* Saved data entries:
Lemma odd_ltrXn k (a b : R) : odd k -> a < b -> a ^+ k < b ^+ k.
Proof.
move=> k_odd lt_ab; have k_neq0 : k != 0%N by case: k k_odd.
have exprN x : (- x) ^+ k = - x ^+ k by rewrite exprNn -signr_odd k_odd mulN1r.
have [a_ge0|a_lt0] := lerP 0 a; first by rewrite (ltrXn2r k a_ge0 lt_ab).
have [b_le0|b_gt0] := lerP b 0.
  by rewrite -ltrN2 -!exprN (ltrXn2r k) ?oppr_ge0 ?ltrN2.
by apply: (@lt_trans _ _ 0); rewrite ?exprn_odd_lt0 ?exprn_odd_gt0.
Qed.

Lemma odd_lerXn k (a b : R) : odd k -> a <= b -> a ^+ k <= b ^+ k.
Proof.
by move=> k_odd; rewrite le_eqVlt => /predU1P[->//|/(@odd_ltrXn _ _ _ k_odd)/ltW].
Qed.

End OddPowers.

Section RealRoot.
Variable R : realType.

Lemma realrootXn k (V : R) : odd k -> realroot k V ^+ k = V.
Proof.
move=> k_odd; have k_gt0 : (0 < k)%N by case: k k_odd.
rewrite /realroot exprMn.
have -> : (`|V| `^ (k%:R)^-1) ^+ k = `|V|.
  by rewrite -powR_mulrn ?powR_ge0 // -powRrM mulVf ?powRr1 // pnatr_eq0 -lt0n.
have [->|V_neq0] := eqVneq V 0; first by rewrite normr0 mulr0.
by rewrite sgr_odd // k_odd expr1 -numEsg.
Qed.

Lemma realroot_ge k (m V : R) : odd k -> m ^+ k <= V -> m <= realroot k V.
Proof.
move=> k_odd le_mV; rewrite leNgt; apply/negP => /(@odd_ltrXn _ _ _ _ k_odd).
by rewrite realrootXn // ltNge le_mV.
Qed.

End RealRoot.

Section SqrtBound.
Variable R : rcfType.

(* The infimum of [a + eps / a] over [a > 0] is [2 * sqrt eps]. *)
Lemma le_two_sqrtr (eps X : R) : 0 <= eps ->
  (forall a, 0 < a -> X <= a + eps / a) -> X <= 2 * Num.sqrt eps.
Proof.
move=> eps_ge0 X_le; have [eps0|eps_neq0] := eqVneq eps 0.
  rewrite eps0 sqrtr0 mulr0 leNgt; apply/negP => X_gt0.
  have := X_le (X / 2); rewrite eps0 mul0r addr0 divr_gt0 //; lra.
have sqrt_gt0 : 0 < Num.sqrt eps by rewrite sqrtr_gt0 lt_neqAle eq_sym eps_neq0.
have := X_le _ sqrt_gt0.
rewrite -{2}(sqr_sqrtr eps_ge0) expr2 mulfK ?gt_eqF //; lra.
Qed.

End SqrtBound.

Section Algorithm.
Variables (R : realType) (N T : nat) (A : algorithm R N T).
Local Notation C := R[i].
Local Notation psi x := (final_state A x).
Local Notation p := (prob_result A).
Local Notation sqnorm := (sqnorm R).
Local Notation rdot := (rdot R).

Definition amp_hat b s := fhat C N (fun x => psi x b) s.
Definition overlap x y := \sum_b rdot (psi x b) (psi y b).
Definition energy k := \sum_b \sum_s sqnorm (amp_hat b s) * walk_eigenvalue R N s ^+ k.

Lemma energy_walk k :
  energy k = (2 ^+ N)^-1 * \sum_x \sum_y walk R N k x y * overlap x y.
Proof.
have energy_b b : \sum_s sqnorm (amp_hat b s) * walk_eigenvalue R N s ^+ k
    = (2 ^+ N)^-1 * \sum_x \sum_y walk R N k x y * rdot (psi x b) (psi y b).
  rewrite -Re_walk_form walk_form_fourier Re_sum; apply: eq_bigr => s _.
  rewrite -(fhat_rmorph _ _ (Num.conj : {rmorphism C -> C})) -/(amp_hat b s).
  rewrite -(walk_eigenvalue_rmorph _ _ (real_complex R)) -rmorphXn -sqnorm_conjM.
  by rewrite -rmorphM.
rewrite /energy (eq_bigr _ (fun b _ => energy_b b)) -mulr_sumr; congr (_ * _).
rewrite exchange_big /=; apply: eq_bigr => x _; rewrite exchange_big /=.
by apply: eq_bigr => y _; rewrite /overlap mulr_sumr.
Qed.

Lemma sum_sqnorm_final x : \sum_b sqnorm (psi x b) = 1.
Proof.
apply: (@complexI R); rewrite rmorph_sum rmorph1 /=.
under eq_bigr do rewrite sqnorm_conjM.
exact: norm2_state.
Qed.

* Task description: Reproduce the data in full, precisely as given.

* Answer box:
Lemma odd_ltrXn k (a b : R) : odd k -> a < b -> a ^+ k < b ^+ k.
Proof.
move=> k_odd lt_ab; have k_neq0 : k != 0%N by case: k k_odd.
have exprN x : (- x) ^+ k = - x ^+ k by rewrite exprNn -signr_odd k_odd mulN1r.
have [a_ge0|a_lt0] := lerP 0 a; first by rewrite (ltrXn2r k a_ge0 lt_ab).
have [b_le0|b_gt0] := lerP b 0.
  by rewrite -ltrN2 -!exprN (ltrXn2r k) ?oppr_ge0 ?ltrN2.
by apply: (@lt_trans _ _ 0); rewrite ?exprn_odd_lt0 ?exprn_odd_gt0.
Qed.

Lemma odd_lerXn k (a b : R) : odd k -> a <= b -> a ^+ k <= b ^+ k.
Proof.
by move=> k_odd; rewrite le_eqVlt => /predU1P[->//|/(@odd_ltrXn _ _ _ k_odd)/ltW].
Qed.

End OddPowers.

Section RealRoot.
Variable R : realType.

Lemma realrootXn k (V : R) : odd k -> realroot k V ^+ k = V.
Proof.
move=> k_odd; have k_gt0 : (0 < k)%N by case: k k_odd.
rewrite /realroot exprMn.
have -> : (`|V| `^ (k%:R)^-1) ^+ k = `|V|.
  by rewrite -powR_mulrn ?powR_ge0 // -powRrM mulVf ?powRr1 // pnatr_eq0 -lt0n.
have [->|V_neq0] := eqVneq V 0; first by rewrite normr0 mulr0.
by rewrite sgr_odd // k_odd expr1 -numEsg.
Qed.

Lemma realroot_ge k (m V : R) : odd k -> m ^+ k <= V -> m <= realroot k V.
Proof.
move=> k_odd le_mV; rewrite leNgt; apply/negP => /(@odd_ltrXn _ _ _ _ k_odd).
by rewrite realrootXn // ltNge le_mV.
Qed.

End RealRoot.

Section SqrtBound.
Variable R : rcfType.

(* The infimum of [a + eps / a] over [a > 0] is [2 * sqrt eps]. *)
Lemma le_two_sqrtr (eps X : R) : 0 <= eps ->
  (forall a, 0 < a -> X <= a + eps / a) -> X <= 2 * Num.sqrt eps.
Proof.
move=> eps_ge0 X_le; have [eps0|eps_neq0] := eqVneq eps 0.
  rewrite eps0 sqrtr0 mulr0 leNgt; apply/negP => X_gt0.
  have := X_le (X / 2); rewrite eps0 mul0r addr0 divr_gt0 //; lra.
have sqrt_gt0 : 0 < Num.sqrt eps by rewrite sqrtr_gt0 lt_neqAle eq_sym eps_neq0.
have := X_le _ sqrt_gt0.
rewrite -{2}(sqr_sqrtr eps_ge0) expr2 mulfK ?gt_eqF //; lra.
Qed.

End SqrtBound.

Section Algorithm.
Variables (R : realType) (N T : nat) (A : algorithm R N T).
Local Notation C := R[i].
Local Notation psi x := (final_state A x).
Local Notation p := (prob_result A).
Local Notation sqnorm := (sqnorm R).
Local Notation rdot := (rdot R).

Definition amp_hat b s := fhat C N (fun x => psi x b) s.
Definition overlap x y := \sum_b rdot (psi x b) (psi y b).
Definition energy k := \sum_b \sum_s sqnorm (amp_hat b s) * walk_eigenvalue R N s ^+ k.

Lemma energy_walk k :
  energy k = (2 ^+ N)^-1 * \sum_x \sum_y walk R N k x y * overlap x y.
Proof.
have energy_b b : \sum_s sqnorm (amp_hat b s) * walk_eigenvalue R N s ^+ k
    = (2 ^+ N)^-1 * \sum_x \sum_y walk R N k x y * rdot (psi x b) (psi y b).
  rewrite -Re_walk_form walk_form_fourier Re_sum; apply: eq_bigr => s _.
  rewrite -(fhat_rmorph _ _ (Num.conj : {rmorphism C -> C})) -/(amp_hat b s).
  rewrite -(walk_eigenvalue_rmorph _ _ (real_complex R)) -rmorphXn -sqnorm_conjM.
  by rewrite -rmorphM.
rewrite /energy (eq_bigr _ (fun b _ => energy_b b)) -mulr_sumr; congr (_ * _).
rewrite exchange_big /=; apply: eq_bigr => x _; rewrite exchange_big /=.
by apply: eq_bigr => y _; rewrite /overlap mulr_sumr.
Qed.

Lemma sum_sqnorm_final x : \sum_b sqnorm (psi x b) = 1.
Proof.
apply: (@complexI R); rewrite rmorph_sum rmorph1 /=.
under eq_bigr do rewrite sqnorm_conjM.
exact: norm2_state.
Qed.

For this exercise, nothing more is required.